Experimental device and experimental method for testing bearing water pressure of buried water stop in construction joint

Technical Field

The invention belongs to the technical field of measurement and test, and relates to an experimental device and an experimental method for testing the bearing water pressure of a buried water stop in a construction joint.

Background

The high water pressure mountain tunnel, because the water pressure is big, collapse and gushing water of suddenly mud take place very easily, bring very big challenge for the construction and the durability of tunnel, for the operation of guaranteeing the tunnel, wherein the construction joint in many mountain tunnels all adopts buried waterstop waterproof. Because no method for testing the water-pressure-resistant strength of the water stop belt exists at present, great trouble is caused to design and construction, and the waterproof design of the tunnel has great blindness.

For this reason, chinese patent discloses a test method for water pressure resistance of a construction joint with a limit of dimensions such as a buried water stop [ application publication No. CN107702996a ], including a steel bolt, a construction joint, a triangular steel plate, a steel pipe, a water stop steel sheet, a round steel plate, a water stop and a water stop joint.
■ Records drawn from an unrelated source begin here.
(* [w] encodes the integer [w - m], as in [scube]; [e] selects the representative
   [z.k] or [z.k - p] of each digit difference. *)
Definition diff_band c (f : bool) : {set 'I_(2 * m)} :=
  [set w : 'I_(2 * m) | [exists z : 'I_p * 'I_p, exists e : bool * bool,
     band_at c (ord0, ord0) z &&
     ((w : nat)%:Z - m%:Z == undigits f ((z.1 : nat)%:Z - (e.1 : nat)%:Z * p%:Z)
                                        ((z.2 : nat)%:Z - (e.2 : nat)%:Z * p%:Z))]].

Definition band_cover c d : {set scube d m} :=
  \bigcup_(i : 'I_d) \bigcup_(f : bool) [set b : scube d m | b i \in diff_band c f].

Lemma card_diff_band c f : (c <= p)%N -> (#|diff_band c f| <= 4 * p * c)%N.
Proof.
move=> le_cp.
have m2_gt0 : (0 < 2 * m)%N by rewrite !muln_gt0.
pose k (ze : ('I_p * 'I_p) * (bool * bool)) : 'I_(2 * m) := insubd (Ordinal m2_gt0)
  (absz (undigits f ((ze.1.1 : nat)%:Z - (ze.2.1 : nat)%:Z * p%:Z)
                    ((ze.1.2 : nat)%:Z - (ze.2.2 : nat)%:Z * p%:Z) + m%:Z)).
apply: (@leq_trans #|k @: setX [set z | band_at c (ord0, ord0) z] [set: bool * bool]|).
  apply/subset_leq_card/subsetP => w; rewrite inE => /existsP[z /existsP[e /andP[zB /eqP eq_w]]].
  apply/imsetP; exists (z, e); first by rewrite !inE zB.
  by apply: val_inj; rewrite /k /= -eq_w subrK absz_nat val_insubd ltn_ord.
apply: leq_trans (leq_imset_card _ _) _.
by rewrite cardsX card_band_at // cardsT card_prod card_bool mulnC mulnA.
Qed.

Lemma card_band_cover c d : (c <= p)%N ->
  (#|band_cover c d| <= 8 * d * 2 ^ d.-1 * c * p * m ^ d.-1)%N.
Proof.
move=> le_cp; apply: leq_trans (card_bigcup_leq_sum _ _) _.
apply: (@leq_trans (\sum_(i : 'I_d) \sum_(f : bool) 4 * p * c * (2 * m) ^ d.-1)%N).
  apply: leq_sum => i _; apply: leq_trans (card_bigcup_leq_sum _ _) _.
  apply: leq_sum => f _; rewrite (card_ffun_coord i (mem (diff_band c f))) !card_ord.
  by rewrite leq_mul2r cardsE card_diff_band ?orbT.
rewrite !sum_nat_const card_ord card_bool expnMn; apply: eq_leq; ring.
Qed.

Lemma diff_band_sub c f (x a : 'I_m) (w : 'I_(2 * m)) :
  (w : nat)%:Z - m%:Z = (x : nat)%:Z - (a : nat)%:Z ->
  band_at c (digits f a) (digits f x) -> w \in diff_band c f.
Proof.
move=> eq_w xB.
set d1 := ((digits f x).1 : nat)%:Z - ((digits f a).1 : nat)%:Z in xB.
set d2 := ((digits f x).2 : nat)%:Z - ((digits f a).2 : nat)%:Z in xB.
have d1_small : - p%:Z < d1 < p%:Z.
  by have := ltn_ord (digits f x).1; have := ltn_ord (digits f a).1; lia.
have d2_small : - p%:Z < d2 < p%:Z.
  by have := ltn_ord (digits f x).2; have := ltn_ord (digits f a).2; lia.
rewrite inE; apply/existsP; exists (modz_ord d1, modz_ord d2).
apply/existsP; exists (d1 < 0, d2 < 0); apply/andP; split.
  by rewrite /band_at /= !subr0 !modz_ord_small // pband_shift.
rewrite /= !modz_ord_small // !addrK eq_w (digitsK f (ltn_ord x)) (digitsK f (ltn_ord a)).
by rewrite undigitsB.
Qed.

Lemma ord_sub_shift_lt (x a : 'I_m) : (x + m - a < 2 * m)%N.
Proof. by have := ltn_ord x; lia. Qed.

Definition scube_sub d (x a : cube d m) : scube d m :=
  [ffun j => Ordinal (ord_sub_shift_lt (x j) (a j))].

Lemma scube_val_sub d (x a : cube d m) j :
  scube_val (scube_sub x a) j = (x j : nat)%:Z - (a j : nat)%:Z.
Proof.
rewrite /scube_val ffunE /= -subzn ?PoszD; last exact: leq_trans (ltnW (ltn_ord _)) (leq_addl _ _).
by ring.
Qed.

Lemma band_nbhd_sub c d i f (A : {set cube d m}) a :
  a \in A -> band_nbhd c i f a \subset sumset_cap_cube A (band_cover c d).
Proof.
move=> Aa; apply/subsetP => x; rewrite inE => xB.
rewrite inE; apply/existsP; exists a; rewrite Aa; apply/existsP; exists (scube_sub x a).
apply/andP; split; last by apply/forallP => j; rewrite scube_val_sub addrC subrK.
apply/bigcupP; exists i => //; apply/bigcupP; exists f => //; rewrite inE.
by apply: diff_band_sub xB; rewrite -scube_val_sub.
Qed.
The method comprises the steps of testing the maximum water pressure born by a construction joint water stop belt through simulating an on-site tunnel lining actual equal-size model bearing the water pressure by the model water pressure; taking a round steel plate and four right-angle triangle steel plates, opening the round steel plate, welding the steel pipe and the round steel plate at a small opening, and welding the right-angle triangle steel plates on the round steel plate and the steel pipe to increase structural rigidity; taking a water stop with a certain length to be just enclosed on a disc of an instrument, and bonding the water stop to ensure that the joint is watertight; pouring lower concrete, pouring the lower half part of the water stop which surrounds into a round shape in the lower concrete, placing welded instruments after the lower concrete is initially set, and pouring the upper half part of concrete, so that a construction joint is naturally formed.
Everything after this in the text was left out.